Background: Radiotherapy peer review is recognized as a key component of institutional quality assurance, though the impact is ill-defined. We conducted the first systematic review and meta-analysis to date to quantify the impact of institutional peer review on the treatment planning workflow including radiotherapy contours, prescription and dosimetry.

Methods: We searched several medical and healthcare databases from January 1, 2000, to May 25, 2024, for papers that report on the impact of institutional radiotherapy peer review on treatment plans. We conducted random-effects meta-analyses of proportions to summarize the rates of any change recommendation and major change recommendation (suggesting re-planning or re-simulation due to safety concerns) following peer review processes. To explore differences in change recommendations dependent on location, radiotherapy intent, technique, and peer review structure characteristics, we conducted analyses of variance.

Results: Of 9,487 citations, we identified 55 studies that report on 96,444 case audits in 10 countries across various disease sites. The pooled proportion of any change recommendation was 28 % (95 %CI = 21-35) and major change recommendation was 12 % (95 %CI = 7-18). Proportions of change recommendation were not impacted by any treatment characteristics.
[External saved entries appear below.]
(* Let $G$ and $H$ be groups such that the power quandles $\mathrm{Pq}(G)$ and $\mathrm{Pq}(H)$ are isomorphic. Then the central quotients are isomorphic as groups: $G/\mathrm{Z}(G)\cong H/\mathrm{Z}(H)$.
   Context: A power quandle $(P,\rhd,\pi,e)$ consists of a set $P$, a binary operation $\rhd$, an element $e$, and maps $\pi^n\colon P\to P$ ($n\in\mathbb{Z}$) satisfying: each $\lambda_a\colon b\mapsto a\rhd b$ is bijective and $a\rhd(b\rhd c)=(a\rhd b)\rhd(a\rhd c)$; $a\rhd a=a$; $e\rhd b=b$, $a\rhd e=e$; $\pi^1=\mathrm{id}$, $\pi^m\circ\pi^n=\pi^{mn}$; $\pi^0(a)=e$; $a\rhd\pi^n(b)=\pi^n(a\rhd b)$; $\pi^n(a)\rhd b=\lambda_a^n(b)$. An isomorphism of power quandles is a bijection preserving $\rhd$, all $\pi^n$ and $e$. For a group $G$, $\mathrm{Pq}(G)$ is the power quandle on the underlying set of $G$ with $a\rhd b=aba^{-1}$, $\pi^n(a)=a^n$, and $e$ the identity element. $\mathrm{Z}(G)$ denotes the center of $G$. *)

From HB Require Import structures.
From mathcomp Require Import all_boot monoid ssralg ssrint.

Set Implicit Arguments.
Unset Strict Implicit.
Unset Printing Implicit Defensive.

Local Open Scope group_scope.

Section PowerQuandleOfGroup.
Variable G : groupType.

Definition zpow (a : G) (n : int) : G :=
  match n with
  | Posz k => a ^+ k
  | Negz k => (a ^+ k.+1)^-1
  end.

Definition pq_op (a b : G) : G := a * b * a^-1.
Definition pq_pow (n : int) (a : G) : G := zpow a n.
Definition pq_e : G := 1.

Definition central (z : G) : Prop := forall x : G, x * z = z * x.

(* The quotient G/Z(G): its elements are the cosets xZ(G), represented as
   predicates on G. *)
Definition cosetZ : Type :=
  {S : G -> Prop | exists x : G, S = (fun y => central (x^-1 * y))}.

Definition cosZ (x : G) : cosetZ :=
  exist (fun S : G -> Prop => exists x0 : G, S = (fun y => central (x0^-1 * y)))
        (fun y => central (x^-1 * y))
        (ex_intro _ x erefl).
End PowerQuandleOfGroup.

Definition pq_iso (G H : groupType) (f : G -> H) : Prop :=
  bijective f /\
  (forall a b : G, f (pq_op a b) = pq_op (f a) (f b)) /\
  (forall (n : int) (a : G), f (pq_pow n a) = pq_pow n (f a)) /\
  f (pq_e G) = pq_e H.

(* Group isomorphism G/Z(G) ~= H/Z(H): a bijection F between the coset types
   which is multiplicative for the quotient multiplication
   (xZ)(yZ) = (xy)Z, written via representatives. *)
Definition quotZ_iso (G H : groupType) (F : cosetZ G -> cosetZ H) : Prop :=
  bijective F /\
  (forall (x y : G) (a b : H),
      F (cosZ x) = cosZ a -> F (cosZ y) = cosZ b ->
      F (cosZ (x * y)) = cosZ (a * b)).

(* Z(G) is exactly the set of elements acting trivially by conjugation, so the
   coset xZ(G) is determined by the map b |-> x |> b, and G/Z(G) is the group of
   these maps under composition.  A power quandle isomorphism f intertwines
   them, f (x |> b) = f x |> f b, hence xZ(G) |-> f(x)Z(H) is a well defined
   bijection; it is multiplicative because (xy) |> b = x |> (y |> b). *)
From HB Require Import structures.
From mathcomp Require Import all_boot monoid ssralg ssrint.
From Stdlib Require Import ClassicalEpsilon FunctionalExtensionality PropExtensionality ProofIrrelevance.

Set Implicit Arguments.
Unset Strict Implicit.
Local Open Scope group_scope.

Section CentralCosets.
Variable G : groupType.

Lemma pq_opM (x y b : G) : pq_op (x * y) b = pq_op x (pq_op y b).
Proof. by rewrite /pq_op invgM !mulgA. Qed.

Lemma central_mulVg (u v : G) : central (u^-1 * v) <-> pq_op u =1 pq_op v.
Proof.
rewrite /central /pq_op; split=> uv x.
- have := uv x; rewrite !mulgA => /(congr1 (fun w => u * w * v^-1)).
  by rewrite !mulgA mulgK mulgV mul1g.
- have := uv x => /(congr1 (fun w => u^-1 * w * v)).
  by rewrite !mulgA mulVg mul1g mulgVK -!mulgA.
Qed.

Lemma cosZ_eqP (u v : G) : cosZ u = cosZ v <-> pq_op u =1 pq_op v.
Proof.
split=> [/(f_equal (@proj1_sig _ _)) /= uv | uv].
  apply/central_mulVg; rewrite (f_equal (fun S => S v) uv) mulVg => x.
  by rewrite mulg1 mul1g.
apply: eq_sig_hprop => [? ? ?|/=]; first exact: proof_irrelevance.
apply: functional_extensionality => y; apply: propositional_extensionality.
by rewrite !central_mulVg; split=> yv x; rewrite -yv.
Qed.

Definition cosZ_repr (S : cosetZ G) : G :=
  proj1_sig (constructive_indefinite_description _ (proj2_sig S)).

Lemma cosZ_reprK (S : cosetZ G) : cosZ (cosZ_repr S) = S.
Proof.
rewrite /cosZ_repr; case: constructive_indefinite_description => x Sx /=.
apply: eq_sig_hprop => [? ? ?|/=]; first exact: proof_irrelevance.
by rewrite Sx.
Qed.

End CentralCosets.

Section TransportCosets.
Variables (G H : groupType) (f : G -> H) (g : H -> G).
Hypothesis fK : cancel f g.
Hypothesis gK : cancel g f.
Hypothesis f_op : {morph f : a b / pq_op a b}.

Lemma can_pq_op_morph : {morph g : a b / pq_op a b}.
Proof. by move=> a b; rewrite -{1}(gK a) -{1}(gK b) -f_op fK. Qed.

Lemma pq_op_transport (x y : G) :
  pq_op x =1 pq_op y -> pq_op (f x) =1 pq_op (f y).
Proof. by move=> xy b; rewrite -(gK b) -!f_op xy. Qed.

Definition cosZ_map (S : cosetZ G) : cosetZ H := cosZ (f (cosZ_repr S)).

Lemma cosZ_mapE (x : G) : cosZ_map (cosZ x) = cosZ (f x).
Proof. by apply/cosZ_eqP/pq_op_transport/cosZ_eqP; rewrite cosZ_reprK. Qed.

Lemma cosZ_mapM (x y : G) (a b : H) :
  cosZ_map (cosZ x) = cosZ a -> cosZ_map (cosZ y) = cosZ b ->
  cosZ_map (cosZ (x * y)) = cosZ (a * b).
Proof.
rewrite !cosZ_mapE => /cosZ_eqP xa /cosZ_eqP yb; apply/cosZ_eqP => c.
by rewrite -(gK c) -f_op pq_opM !f_op gK yb xa -pq_opM.
Qed.

End TransportCosets.

Theorem mainTheorem4 (G H : groupType) :
  (exists f : G -> H, pq_iso f) ->
  exists F : cosetZ G -> cosetZ H, quotZ_iso F.
Proof.
case=> f [[g fK gK] [f_op _]].
have g_op := can_pq_op_morph fK gK f_op.
exists (cosZ_map f); split; last exact: cosZ_mapM.
exists (cosZ_map g) => S; rewrite -(cosZ_reprK S).
- by rewrite (cosZ_mapE gK f_op) (cosZ_mapE fK g_op) fK.
- by rewrite (cosZ_mapE fK g_op) (cosZ_mapE gK f_op) gK.
Qed.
The most common reasons for change recommendation include target volume delineation (25/55; 45 %), target dose prescription (18/55; 33 %), organ at risk dose prescription (5/55; 9 %), and organ at risk volume delineation (3/55; 5 %).

Conclusions: Our review provides evidence that peer review results in treatment plan change recommendations in over one in four patients. The results suggest that some form of real-time, early peer review may be beneficial for all cases, irrespective of treatment intent or RT technique.

关于放射肿瘤学机构同行评审影响的系统回顾和荟萃分析。
背景:放疗同行评审被认为是机构质量保证的关键组成部分,但其影响尚不明确。我们进行了迄今为止的首次系统回顾和荟萃分析,以量化机构同行评审对治疗计划工作流程(包括放疗轮廓、处方和剂量测定)的影响:我们检索了 2000 年 1 月 1 日至 2024 年 5 月 25 日期间的多个医疗和保健数据库,以查找报告机构放射治疗同行评审对治疗计划影响的论文。我们对比例进行了随机效应荟萃分析,总结了同行评审过程中任何变更建议和重大变更建议(建议因安全问题重新规划或重新模拟)的发生率。为了探究不同地点、放疗目的、技术和同行评议结构特征在变更建议方面的差异,我们进行了方差分析:在9,487条引文中,我们确定了55项研究,这些研究报告了10个国家不同疾病部位的96,444个病例审核结果。任何变更建议的汇总比例为 28%(95 %CI = 21-35),重大变更建议的汇总比例为 12%(95 %CI = 7-18)。建议更改的比例不受任何治疗特征的影响。建议更改的最常见原因包括目标容积划定(25/55;45%)、目标剂量处方(18/55;33%)、风险器官剂量处方(5/55;9%)和风险器官容积划定(3/55;5%):我们的审查提供的证据表明,同行评审导致每四名患者中就有一名以上的患者被建议更改治疗方案。结果表明,无论治疗目的或 RT 技术如何,某种形式的实时、早期同行评审可能对所有病例都有益。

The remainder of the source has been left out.